- _HOW TO COMPLETE THIS TASK_
The lines to repeat are those below from the one containing "(* Compare the" down to the one containing "From mathcomp Require Import zify ring.", both included; reproduce them exactly and nothing else.

- _SUPPLIED MATERIAL_
Lemma partner_neq p : partner p != p.1.
Proof.
rewrite /partner; case: (eqVneq p.1 p.2) => [_|]; last by rewrite eq_sym.
by apply/eqP => /ffunP/(_ j0); rewrite ffunE; case: (p.1 j0).
Qed.

Lemma partner_offdiag p : p.1 != p.2 -> partner p = p.2.
Proof. by rewrite /partner => /negbTE ->. Qed.

Definition name_U (a : A) := [set x | h (pair_coords x).1 a].
Definition name_V (a : A) := [set x | h (partner (pair_coords x)) a].

Lemma uf_name_U : uf_name mu name_U.
Proof.
apply: uf_name_pointwise => [x|a]; first exact: h_hom.
exact: (measurable_preimage_fin measurable_pair_coords_fiber [set p | h p.1 a]).
Qed.

Lemma uf_name_V : uf_name mu name_V.
Proof.
apply: uf_name_pointwise => [x|a]; first exact: h_hom.
exact: (measurable_preimage_fin measurable_pair_coords_fiber [set p | h (partner p) a]).
Qed.

Lemma forces_neq_UV : forces_neq mu name_U name_V.
Proof.
have [[mU _ _ _] [mV _ _ _]] := (uf_name_U, uf_name_V).
move=> P mP P0; have [p Pp] := exists_fiber_meets measurable_pair_coords_fiber mP P0.
have [a hpa] : exists a, h p.1 a != h (partner p) a.
  apply: contrapT => hpE; move/negP: (partner_neq p); apply; apply/eqP/h_inj.
  apply/funext => a; apply/eqP; rewrite eq_sym.
  by apply/negPn/negP => ne; apply: hpE; exists a.
exists a; apply: lt_le_trans Pp _; apply: le_measure; rewrite ?inE.
- by apply: measurableI => //; exact: measurable_pair_coords_fiber.
- by apply: measurableI => //; apply: measurableU; apply: measurableD.
- move=> x [Px px]; split=> //; rewrite /name_U /name_V /setU /setD /mkset px.
  by move: hpa; case: (h p.1 a); case: (h (partner p) a); [|left|right|].
Qed.

Lemma measure_UV_le a :
  (mu (name_U a `\` name_V a) <= (1 / 4 + #|I|%:R^-1)%:E)%E.
Proof.
set S := [set u | h u a]%SET.
set W := [set p | (p.1 \in S) && (partner p \notin S)]%SET.
have -> : name_U a `\` name_V a = pair_coords @^-1` [set p | p \in W].
  apply/seteqP; split=> x; rewrite /name_U /name_V /setD /preimage /mkset;
    case: (pair_coords x) => u v; rewrite !inE.
    by case=> -> /negP.
  by case/andP=> -> /negP.
rewrite (measure_preimage_uniform measurable_pair_coords_fiber measure_pair_coords_fiber).
rewrite lee_fin; have := card_leave_le S partner_offdiag; rewrite -/W.
set w := #|W|; set N := #|I|; move=> card_W.
have N0 : (0 : R) < N%:R by rewrite ltr0n; apply/card_gt0P; exists [ffun=> true].
move: card_W; rewrite -(ler_nat R) natrM natrD natrX natrM => card_W.
rewrite ler_pdivrMr ?exprn_gt0 //.
have -> : (1 / 4 + N%:R^-1) * N%:R ^+ 2 = N%:R ^+ 2 / 4 + N%:R :> R.
  by field; rewrite gt_eqF.
lra.
Qed.
End Construction.

Lemma exists_inv_pow2_lt (R : realType) (eps : R) : 0 < eps ->
  exists n, 1 / 2 ^+ n.+1 < eps.
Proof.
move=> eps0; have [N _ hN] := near_infty_natSinv_expn_lt (PosNum eps0).
by exists N; apply: hN; rewrite /= leqnSn.
Qed.

Theorem corollary7p11 (R : realType) (K : choiceType)
  (mu : {measure set (cantorT K) -> \bar R})
  (d : Order.disp_t) (A : ctbDistrLatticeType d) :
  infinite_set [set: K] ->
  is_std_product_measure mu ->
  infinite_set [set: A] ->
  forall eps : R, 0 < eps ->
  exists U V : A -> set (cantorT K),
    [/\ uf_name mu U, uf_name mu V, forces_neq mu U V &
      forall (P : set (cantorT K)) (a : A),
        measurable P -> (0 < mu P)%E -> forces_in_diff mu U V P a ->
        (mu P <= (1 / 4 + eps)%:E)%E].
Proof.
move=> Kinf mu_std Ainf eps eps0.
have [n n_eps] := exists_inv_pow2_lt eps0.
have [e e_inj] := exists_injective_of_infinite (bool * 'I_n.+1)%type Kinf.
have [h [h_hom h_inj]] := exists_injective_bool_homs {ffun 'I_n.+1 -> bool} Ainf.
have [U_name V_name] := (uf_name_U mu e_inj h_hom, uf_name_V mu e_inj h_hom).
exists (name_U e h), (name_V e h); split=> // [|P a mP _ fP].
  exact: (forces_neq_UV (mu := mu) ord0 e_inj h_hom h_inj).
have [[mU _ _ _] [mV _ _ _]] := (U_name, V_name).
apply: le_trans (forces_in_diff_le mP (measurableD (mU a) (mV a)) fP) _.
apply: le_trans (measure_UV_le mu_std h e_inj a) _.
by rewrite lee_fin lerD2l card_ffun card_bool card_ord natrX -div1r ltW.
Qed.
(* For all integers $0\le a\le b$, $\mathrm{Incr}(\zeta(a,b))=\zeta(a,b+1)$; that is, applying $\mathrm{Incr}$ to the $\zeta$-decomposition of $B(a,b)$ yields a list of bucket structures whose buckets are exactly those of the $\zeta$-decomposition of $B(a,b+1)$, each carrying uniformly distributed random samples of its bucket, with all samples mutually independent.
   Context: Let $p_0,p_1,\dots$ be a stream. For integers $x<y$, the bucket $B(x,y)=\{p_i: x\le i\le y-1\}$. A bucket structure $BS(x,y)$ stores $p_x$, $x$, $y$, the timestamp of $p_x$, and two random samples $R_{x,y},Q_{x,y}$, each uniformly distributed on $B(x,y)$, together with the indices of the sampled elements. Logarithms are base 2. The $\zeta$-decomposition is the ordered list of bucket structures (with all samples mutually independent) defined by $\zeta(b,b)=\langle BS(b,b+1)\rangle$ and, for $a<b$, $\zeta(a,b)=\langle BS(a,c),\zeta(c,b)\rangle$ where $c=a+2^{\lfloor\log(b+1-a)\rfloor-1}$. Given the new element $p_{b+1}$, the operator $\mathrm{Incr}$ is defined by $\mathrm{Incr}(\zeta(b,b))=\langle BS(b,b+1),BS(b+1,b+2)\rangle$ (the new structure with fresh independent samples), and for $a<b$, $\mathrm{Incr}(\zeta(a,b))=\langle BS(a,v),\mathrm{Incr}(\zeta(v,b))\rangle$, where: if $\lfloor\log(b+2-a)\rfloor=\lfloor\log(b+1-a)\rfloor$ then $v=c$ and $BS(a,c)$ (the first structure of $\zeta(a,b)$) is kept unchanged; otherwise, letting $BS(a,c),BS(c,d)$ be the first two structures of $\zeta(a,b)$, $v=d$ and $BS(a,d)$ is formed by merging them: $R_{a,d}$ equals $R_{a,c}$ with probability $1/2$ and $R_{c,d}$ otherwise (using a fresh independent coin), and likewise for $Q_{a,d}$ with an independent coin. *)

From mathcomp Require Import all_boot all_order all_algebra.
Set Implicit Arguments. Unset Strict Implicit. Unset Printing Implicit Defensive.
Import GRing.Theory Num.Theory.
Local Open Scope ring_scope.

Definition dist (T : Type) := seq (rat * T).

Definition dret (T : Type) (x : T) : dist T := [:: (1, x)].

Definition dbind (T U : Type) (d : dist T) (f : T -> dist U) : dist U :=
  flatten [seq [seq (p.1 * q.1, q.2) | q <- f p.2] | p <- d].

Definition prob (T : eqType) (d : dist T) (v : T) : rat :=
  \sum_(p <- d | p.2 == v) p.1.

(* Uniform distribution on the index set {x, ..., y-1} (bucket B(x,y)). *)
Definition unif (x y : nat) : dist nat :=
  [seq (((y - x)%N%:R)^-1, i) | i <- iota x (y - x)].

Definition coin : dist bool := [:: (1/2, true); (1/2, false)].

Definition flog (n : nat) : nat := trunc_log 2 n.

(* A bucket structure BS(x,y) is represented by (x, y, iR, iQ) where iR, iQ
   are the indices of the sampled elements R_{x,y}, Q_{x,y}.  The stored
   element p_x, its timestamp and the sampled elements p_iR, p_iQ are
   functions of these indices, so they carry no extra randomness. *)
Definition BS := (nat * nat * nat * nat)%type.
Definition bs_x (s : BS) : nat := s.1.1.1.
Definition bs_y (s : BS) : nat := s.1.1.2.
Definition bs_R (s : BS) : nat := s.1.2.
Definition bs_Q (s : BS) : nat := s.2.

Definition zeta_split (a b : nat) : nat := (a + 2 ^ (flog (b.+1 - a)).-1)%N.

Fixpoint zeta_bounds_fuel (n a b : nat) : seq (nat * nat) :=
  match n with
  | 0 => [:: (b, b.+1)]
  | n'.+1 => if (a < b)%N then (a, zeta_split a b) :: zeta_bounds_fuel n' (zeta_split a b) b
             else [:: (b, b.+1)]
  end.

Definition zeta_bounds (a b : nat) : seq (nat * nat) := zeta_bounds_fuel (b - a) a b.

Definition rand_bs (x y : nat) : dist BS :=
  dbind (unif x y) (fun r => dbind (unif x y) (fun q => dret (x, y, r, q))).

Fixpoint rand_bs_list (l : seq (nat * nat)) : dist (seq BS) :=
  match l with
  | [::] => dret [::]
  | xy :: l' => dbind (rand_bs xy.1 xy.2)
                  (fun s => dbind (rand_bs_list l') (fun t => dret (s :: t)))
  end.

Definition zeta (a b : nat) : dist (seq BS) := rand_bs_list (zeta_bounds a b).

(* The operator Incr, applied to a list of bucket structures (the
   zeta-decomposition of B(a,b), a = x-coordinate of its first structure),
   given the new element p_{b+1}. *)
Fixpoint incr (b : nat) (l : seq BS) : dist (seq BS) :=
  match l with
  | [::] => dret [::]
  | [:: s] => dbind (rand_bs b.+1 b.+2) (fun s' => dret [:: s; s'])
  | s1 :: ((s2 :: rest2) as rest) =>
      let a := bs_x s1 in
      if flog (b.+2 - a) == flog (b.+1 - a) then
        dbind (incr b rest) (fun t => dret (s1 :: t))
      else
        dbind coin (fun cR => dbind coin (fun cQ =>
          let m := (a, bs_y s2,
                    (if cR then bs_R s1 else bs_R s2),
                    (if cQ then bs_Q s1 else bs_Q s2)) in
          dbind (incr b rest2) (fun t => dret (m :: t))))
  end.

(* Compare the two laws through the expectations of arbitrary test functions,
   by induction on b - a.  If floor(log(b+2-a)) = floor(log(b+1-a)), the first
   bucket of zeta(a,b) is also the first bucket of zeta(a,b+1) and Incr simply
   recurses.  Otherwise b+2-a = 4m is a power of two: zeta(a,b) starts with
   B(a,a+m), B(a+m,a+2m) and zeta(a,b+1) with B(a,a+2m).  Choosing with a fair
   coin between independent uniform samples of two halves of equal size gives
   a uniform sample of their union, so the merged structure has the law of a
   fresh BS(a,a+2m), independent of the remaining structures. *)

From mathcomp Require Import all_boot all_order all_algebra.
From mathcomp Require Import zify ring.
Set Implicit Arguments. Unset Strict Implicit. Unset Printing Implicit Defensive.
Import GRing.Theory Num.Theory.
Local Open Scope ring_scope.

Definition expect (T : Type) (d : dist T) (F : T -> rat) : rat :=
  \sum_(p <- d) p.1 * F p.2.

Definition total_mass (T : Type) (d : dist T) : rat := \sum_(p <- d) p.1.

Section Expectation.

Variables T U : Type.

Lemma eq_expect (d : dist T) (F G : T -> rat) :
  (forall x, F x = G x) -> expect d F = expect d G.
Proof. by move=> FG; apply: eq_bigr => p _; rewrite FG. Qed.

Lemma expect_ret (x : T) F : expect (dret x) F = F x.
Proof. by rewrite /expect big_seq1 mul1r. Qed.

Lemma expect_bind (d : dist T) (f : T -> dist U) F :
  expect (dbind d f) F = expect d (fun x => expect (f x) F).
Proof.
rewrite /expect big_flatten big_map; apply: eq_bigr => p _.
by rewrite big_map big_distrr; apply: eq_bigr => q _ /=; rewrite mulrA.
Qed.

Lemma exchange_expect (d1 : dist T) (d2 : dist U) (F : T -> U -> rat) :
  expect d1 (fun x => expect d2 (F x)) = expect d2 (fun y => expect d1 (F^~ y)).
Proof.
rewrite /expect; under eq_bigr do rewrite big_distrr.
rewrite exchange_big; apply: eq_bigr => q _; rewrite big_distrr.
by apply: eq_bigr => p _ /=; rewrite mulrCA.
Qed.

Lemma expectD (d : dist T) F G :
  expect d (fun x => F x + G x) = expect d F + expect d G.
Proof. by rewrite /expect -big_split; apply: eq_bigr => p _; rewrite mulrDr. Qed.

Lemma expectZ (d : dist T) k F : expect d (fun x => k * F x) = k * expect d F.
Proof. by rewrite /expect big_distrr; apply: eq_bigr => p _; rewrite mulrCA. Qed.

Lemma expect_cst (d : dist T) k : expect d (fun=> k) = k * total_mass d.
Proof. by rewrite /expect big_distrr; apply: eq_bigr => p _; rewrite mulrC. Qed.

Lemma expect_coin (F : bool -> rat) : expect coin F = 1/2 * F true + 1/2 * F false.
Proof. by rewrite /expect !big_cons big_nil addr0. Qed.

Lemma expect_coin_choice (d1 d2 : dist T) F :
  total_mass d1 = 1 -> total_mass d2 = 1 ->
  expect d1 (fun x1 => expect d2 (fun x2 => expect coin (fun c => F (if c then x1 else x2))))
  = 1/2 * expect d1 F + 1/2 * expect d2 F.
Proof.
move=> mass1 mass2.
under eq_expect do under eq_expect do rewrite expect_coin.
under eq_expect do rewrite expectD expectZ expect_cst mass2 mulr1 expectZ.
by rewrite expectD expectZ expectZ expect_cst mass1 mulr1.
Qed.

End Expectation.

Lemma prob_expect (T : eqType) (d : dist T) v : prob d v = expect d (fun x => (x == v)%:R).
Proof.
rewrite /prob /expect big_mkcond; apply: eq_bigr => p _.
by case: eqP; rewrite ?mulr1 ?mulr0.
Qed.

Lemma expect_unif x y F :
  expect (unif x y) F = (y - x)%N%:R^-1 * \sum_(x <= i < y) F i.
Proof. by rewrite /expect /unif big_map big_distrr. Qed.

Lemma total_mass_unif x y : (x < y)%N -> total_mass (unif x y) = 1.
Proof.
move=> lt_xy; rewrite -[total_mass _]mul1r -expect_cst expect_unif sumr_const_nat.
by rewrite -[1 *+ _]mulr_natl mulr1 mulVf // pnatr_eq0 -lt0n subn_gt0.
Qed.

Lemma expect_unif_halves a m F : (0 < m)%N ->
  expect (unif a (a + m + m)) F
  = 1/2 * expect (unif a (a + m)) F + 1/2 * expect (unif (a + m) (a + m + m)) F.
Proof.
move=> m_gt0; rewrite !expect_unif (@big_cat_nat _ _ _ (a + m)) ?leq_addr //=.
have -> : (a + m + m - a = m + m)%N by lia.
have -> : (a + m + m - (a + m) = m)%N by lia.
have -> : (a + m - a = m)%N by lia.
move: (\sum_(a <= i < a + m) F i) (\sum_(a + m <= i < a + m + m) F i) => S1 S2.
have m_neq0 : (m%:R : rat) != 0 by rewrite pnatr_eq0 -lt0n.
by rewrite natrD; field; rewrite m_neq0 -mulr2n mulrn_eq0 m_neq0.
Qed.

Lemma expect_unif_choice a m F : (0 < m)%N ->
  expect (unif a (a + m)) (fun r1 => expect (unif (a + m) (a + m + m)) (fun r2 =>
    expect coin (fun c => F (if c then r1 else r2))))
  = expect (unif a (a + m + m)) F.
Proof.
move=> m_gt0; rewrite expect_unif_halves // expect_coin_choice //;
  apply: total_mass_unif; lia.
Qed.

Lemma expect_rand_bs x y F :
  expect (rand_bs x y) F
  = expect (unif x y) (fun r => expect (unif x y) (fun q => F (x, y, r, q))).
Proof.
rewrite /rand_bs expect_bind; apply: eq_expect => r.
by rewrite expect_bind; apply: eq_expect => q; rewrite expect_ret.
Qed.

Lemma eq_expect_rand_bs x y F G :
  (forall r q, F (x, y, r, q) = G (x, y, r, q)) ->
  expect (rand_bs x y) F = expect (rand_bs x y) G.
Proof.
by move=> FG; rewrite !expect_rand_bs; apply: eq_expect => r; apply: eq_expect.
Qed.

Definition merge_bs (cR cQ : bool) (s1 s2 : BS) : BS :=
  (bs_x s1, bs_y s2, if cR then bs_R s1 else bs_R s2, if cQ then bs_Q s1 else bs_Q s2).

Lemma expect_merge_bs a m F : (0 < m)%N ->
  expect (rand_bs a (a + m)) (fun s1 => expect (rand_bs (a + m) (a + m + m)) (fun s2 =>
    expect coin (fun cR => expect coin (fun cQ => F (merge_bs cR cQ s1 s2)))))
  = expect (rand_bs a (a + m + m)) F.
Proof.
move=> m_gt0; rewrite [RHS]expect_rand_bs -expect_unif_choice //.
rewrite expect_rand_bs; apply: eq_expect => r1.
under eq_expect do rewrite expect_rand_bs.
rewrite exchange_expect; apply: eq_expect => r2.
under eq_expect do rewrite exchange_expect.
rewrite exchange_expect; apply: eq_expect => cR.
by rewrite -expect_unif_choice.
Qed.

Lemma flogS_neq n : (0 < n)%N -> flog n.+1 != flog n -> n.+1 = (2 ^ flog n.+1)%N.
Proof.
move=> n_gt0 neq; apply/eqP; rewrite eqn_leq trunc_logP //=.
have lt_flog : (flog n < flog n.+1)%N by rewrite ltn_neqAle eq_sym neq leq_trunc_log.
rewrite andbT; apply: leq_trans (@trunc_log_ltn 2 n isT) _.
by rewrite leq_exp2l.
Qed.

Lemma zeta_split_gt a b : (a < zeta_split a b)%N.
Proof. by rewrite /zeta_split -addn1 leq_add2l expn_gt0. Qed.

Lemma zeta_split_le a b : (a < b)%N -> (zeta_split a b <= b)%N.
Proof.
move=> lt_ab; rewrite /zeta_split /flog.
have := @trunc_logP 2 (b.+1 - a) isT (ltac:(lia)).
have : (0 < trunc_log 2 (b.+1 - a))%N by rewrite trunc_log_gt0 /=; lia.
case: (trunc_log _ _) => [//|k] _; rewrite expnS /=; have := expn_gt0 2 k; lia.
Qed.

Lemma zeta_split_eq a b j :
  (2 ^ j.+1 <= b.+1 - a < 2 ^ j.+2)%N -> zeta_split a b = (a + 2 ^ j)%N.
Proof. by move=> /trunc_log_eq; rewrite /zeta_split /flog => ->. Qed.

Lemma zeta_bounds_fuel_eq n n' a b : (b - a <= n)%N -> (b - a <= n')%N ->
  zeta_bounds_fuel n a b = zeta_bounds_fuel n' a b.
Proof.
elim: n n' a => [|n IH] [|n'] a //= le_n le_n'; case: ifP => //; try lia.
by move=> lt_ab; congr cons; apply: IH; have := zeta_split_gt a b; lia.
Qed.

- _TASK SOLUTION_
(* Compare the two laws through the expectations of arbitrary test functions,
   by induction on b - a.  If floor(log(b+2-a)) = floor(log(b+1-a)), the first
   bucket of zeta(a,b) is also the first bucket of zeta(a,b+1) and Incr simply
   recurses.  Otherwise b+2-a = 4m is a power of two: zeta(a,b) starts with
   B(a,a+m), B(a+m,a+2m) and zeta(a,b+1) with B(a,a+2m).  Choosing with a fair
   coin between independent uniform samples of two halves of equal size gives
   a uniform sample of their union, so the merged structure has the law of a
   fresh BS(a,a+2m), independent of the remaining structures. *)

From mathcomp Require Import all_boot all_order all_algebra.
From mathcomp Require Import zify ring.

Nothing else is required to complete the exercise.